I haven't read Karr's two earlier memoirs--and what's up with THREE memoirs?? But I was at a disadvantage for it. In at least one place, Karr summarizes material from an earlier memoir, but even apart from that there were enough untied ends that it was clear that material presented elsewhere was being assumed. Editorial and present tense problems aside, this may be the biggest problem with the memoir: it doesn't stand alone. But calling this a problem may be simply a matter of perspective. What single work of any writer stands alone? I still wish there weren't so many untied ends, though. 
Their presence prevents me from knowing whether a lack I see in the storytelling would be solved by supplying it from an earlier memoir or if it really is missing.
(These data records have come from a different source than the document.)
Definition unitary_between (H K1 K2 : hspace R)
    (E : H -> K1) (F : H -> K2) (G : K1 -> K2) : Prop :=
  [/\ forall (a : C) (u v : K1), cl_ran E u -> cl_ran E v ->
        G (a *: u + v) = a *: G u + G v,
      forall u : K1, cl_ran E u -> cl_ran F (G u),
      forall u : K1, cl_ran E u -> hnorm (G u) = hnorm u
    & forall w : K2, cl_ran F w -> exists2 u : K1, cl_ran E u & G u = w].

Definition block_factor (H K1 K2 : hspace R) (B : H -> H)
    (E : H -> K1) (F : H -> K2) (G : K1 -> K2) : Prop :=
  contraction_between E F G /\
  exists Fs : K2 -> H, is_adjoint F Fs /\ forall x : H, B x = Fs (G (E x)).

End Operators.

(* Write P_M(x, y) for the quadratic form of the block operator with corner M.
   Whenever A - M = E^*E, M = F^*F and B = F^*GE with G a contraction,
   P_M(x, y) = |GEx + Fy|^2 + (|Ex|^2 - |GEx|^2).

   If G_* is unitary, then for each y some x makes P_{M_*}(x, y) as small as
   we like.  Since P_{M_*} is the mean of P_{M_+} and P_{M_-}, both of which
   dominate |G_±E_±x + F_±y|^2, the same x makes
   <(M_+ - M_-)y, w> = <G_+E_+x + F_+y, F_+w> - <G_-E_-x + F_-y, F_-w>
   small, so M_+ = M_-, and every element of calM, squeezed between them,
   equals M_+.

   Conversely, if calM = {M_0}, every perturbation M_0 - D that keeps both
   positivity conditions has D = 0.  For D = E^*G^*GE - E^*E this says that G
   is isometric on ran E, hence on its closure.  For the rank-one
   D = <F., w> F^*w / |w|^2, with w in the closure of ran F orthogonal to
   G(ran E), it gives F^*w = 0, hence w = 0; projecting onto the closed range
   G(cl ran E) then shows that G is onto. *)

From HB Require Import structures.
From mathcomp Require Import all_boot all_order all_algebra.
From mathcomp Require Import complex reals.
From mathcomp Require Import ring lra.
Import Order.TTheory GRing.Theory Num.Theory ComplexField Normc.
Local Open Scope ring_scope.
Set Implicit Arguments. Unset Strict Implicit. Unset Printing Implicit Defensive.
The problem is this: The memoir is dealing with Karr's finding sobriety after years of drunkenness and depression--specifically sobriety via Alcoholics Anonymous, with a kicking-and-screaming arrival at trust in a Higher Power which finally leads her to Catholicism. Now, the book contains plenty about the wretchedness of being a desperate addicted alcoholic trying to claw her way out of an unbearable life situation, but precious little depiction of the earlier phase where drinking alcohol provides a high, exhilaration, a sense of invincibility. Even the younger Mary is at best verklempt. And yet the exhilaration and fun and adventure is referred to as something lost. Except that alcoholism runs in her family and she has pain to get away from, I just didn't feel like I got to know enough about why she became dependent on alcohol in the first place.
If I were to be writing about agreeing to take meds to control bipolar mania, I would want to talk about how mania was making life unmanageable and leading to ever deepening depressions for sure, but I would also want to talk about the experience of the manic high and why it is so hard to give up.  
One last comment, which sort of fits under the information not disclosed rubric: Karr sure makes an awful lot of comments about weight and thinness. She even lists thinness as the number one reason for why she's not the most suffering of afflicted people--ahead of being white, intelligent, HIV-negative... She mentions her own weight going up and mostly down, repeatedly, and depicts herself denying herself food and forcing herself to exercise. The anorectic in the mental hospital is the only one referred to as beautiful, consistently.  So what next? A memoir about her eating disorder? Not meaning to be mean...but it seems like there's something there and she's playing it coy.
And now I'm going away to think more about why this was such a quick and easy and even compelling read for me, even though aspects of the crafting drove me crazy and I didn't especially care about the character. If I could figure that out, I'd really know something about the intangibles of good writing. Answers in the comments, please! (As well as please tell me what to do about the 13,907 comments waiting for me here, all of them likely spam save maybe a half dozen?!)